Lemo-Programming-Language and Interpreter

Lemo is a programming language and interpreter, which I developed during the Summer Holidays of 2021
Motivation for developing was pure interest/curiosity in learning how programming languages work under the hood
The design of the language is heavily inspired by BASIC and the language it is written in is TypeScript

Author: Artem Moshnin
Resources used: Gabriele Tomassetti's blog entries with numerous useful resources (Books & Articles)

Overview

General information

Programming language supports various fundamental programming concepts such as variable-declaration, function calling, conditional statements, for and while loops, proper order of operations, recursion and much more.
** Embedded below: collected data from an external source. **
Lemma tz_span z : left_span R gens (t ^ z).
Proof.
have [q [r [r_lt ->]]] := tz_decomp z.
have R_cq : R (iota c ^ q).
  apply: (subring_closedXz R_closed); first exact: R_iota.
  by rewrite -(ring_homV homi c_unit); apply: R_iota.
rewrite -mulrA; apply: (left_span_mull R_closed R_cq).
apply: (left_span_mulr R_closed _ (u_span q)) => y /[!inE] /orP[] /eqP ->;
  apply: (left_span_mem R_closed); rewrite mem_cat; apply/orP; [left; rewrite mul1r | right];
  by apply: map_f; rewrite mem_iota.
Qed.

Lemma S_span x : S x -> left_span R gens x.
Proof.
move=> /S_laurent[s ->]; apply: (left_span_sum R_closed) => p.
exact: (left_span_mull R_closed (R_iota _) (tz_span _)).
Qed.

End FiniteInnerOrder.

Lemma finite_inner_order_normalizable :
  finite_inner_order sigma -> automorphically_normalizable iota S.
Proof.
move=> [k [k_gt0 [c [c_unit sigmak]]]].
exists 1%N, (fun=> a k c); split=> //.
- by move=> _; apply: S_a.
- exists (fun=> id); split=> // [_ | _ b]; first by split; [split | exists id].
  exact: a_comm.
- exact/alg_indep1/a_pow_free.
- by exists (gens k c); split; [apply: gens_S | apply: S_span].
Qed.

End SkewLaurent.

Unset Implicit Arguments.

Theorem lemma5p6 (D : unitRingType) (HD : is_division_ring D)
    (sigma : D -> D) (Hsigma : is_ring_aut sigma)
    (Q : unitRingType) (iota : D -> Q) (t : Q)
    (HQ : is_skew_frac_field sigma iota t) :
  automorphically_normalizable iota
    (gen_subring (fun y : Q => (exists d, y = iota d) \/ y = t \/ y = t^-1))
  <-> finite_inner_order sigma.
Proof.
have [homs [sigma' sK sK']] := Hsigma.
have [divQ homi t_iota t_free _] := HQ.
split; [exact: normalizable_finite_inner_order | exact: finite_inner_order_normalizable].
Qed.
The language also includes the following built-in datatypes: Integers, Floats, Strings, Lists.

Each datatype also has its own methods implemented that can be called on instances of these datatypes.

The language also includes the following built-in global functions: print(), input(), clear().

The language also includes a type-checking system.

Multi-line support is integrated, as well as the ability to run external files of '.lemo' format.

Below is the language's EBNF-based grammar, and following that are some examples of programs that the language can run. Even further down is a link to a repl.it where the programs can be run.

Parser

Parser builds up a syntax tree of the program from the tokens created by the Lexer. The parses has to figure out if the tokens match out language grammar. If it does, generate a tree accordingly. For example: "200 200 +" makes no sense in our language. While "123 + 456" makes perfect sense.

In other words, order of operations are being followed and the parses construct the syntax tree accordingly to meet its requirements, as illustrated below:

To understand the source code of the parser, I below illustrated the grammar of a mathematical expression that is being analyzed while parsing to ensure that the order of operations are followed:

Interpreter

The role of the interpreter is to traverse through the AST (Abstract Syntax Tree) that the parser builds, look for different node types and determine what code should be executed. For example, if it comes across a binary operation node with a '+' operator - it will add its left and right child nodes together. The AST (Abstract Syntax Tree) will allow the interpreter to follow the order of operations correctly.

Steps for implementing new operators

Variables declaration

Comparison, Logical Operators and Booleans

>> Comparison Operators: =, !=, <, >, <=, >=

>> Logical Operators: and, or, not
- Example of Logical Operators:
- 5 == 5 and 6 == 6 => 1
- 1 + 1 == 2 or 2 + 2 == 5 => 1

>> Booleans: 0 = FALSE, 1 = TRUE

Grammar

Grammar (EBNF-based) of the Lemo-Programming Language

-> Grammar (EBNF-based) of the Lemo-Programming Language <-

statements : NEWLINE* statement (NEWLINE+ statement)* NEWLINE\*

statement : KEYWORD:RETURN expr?
: KEYWORD:CONTINUE
: KEYWORD:BREAK
: expr

expr : KEYWORD:VAR IDENTIFIER EQ expr
: comp-expr ((KEYWORD:AND|KEYWORD:OR) comp-expr)\*

comp-expr : NOT comp-expr
: arith-expr ((EE|LT|GT|LTE|GTE) arith-expr)\*

arith-expr : term ((PLUS|MINUS) term)\*

term : factor ((MUL|DIV) factor)\*

factor : (PLUS|MINUS) factor
: power

power : call (POW factor)\*

call : atom (LPAREN (expr (COMMA expr)\*)? RPAREN)?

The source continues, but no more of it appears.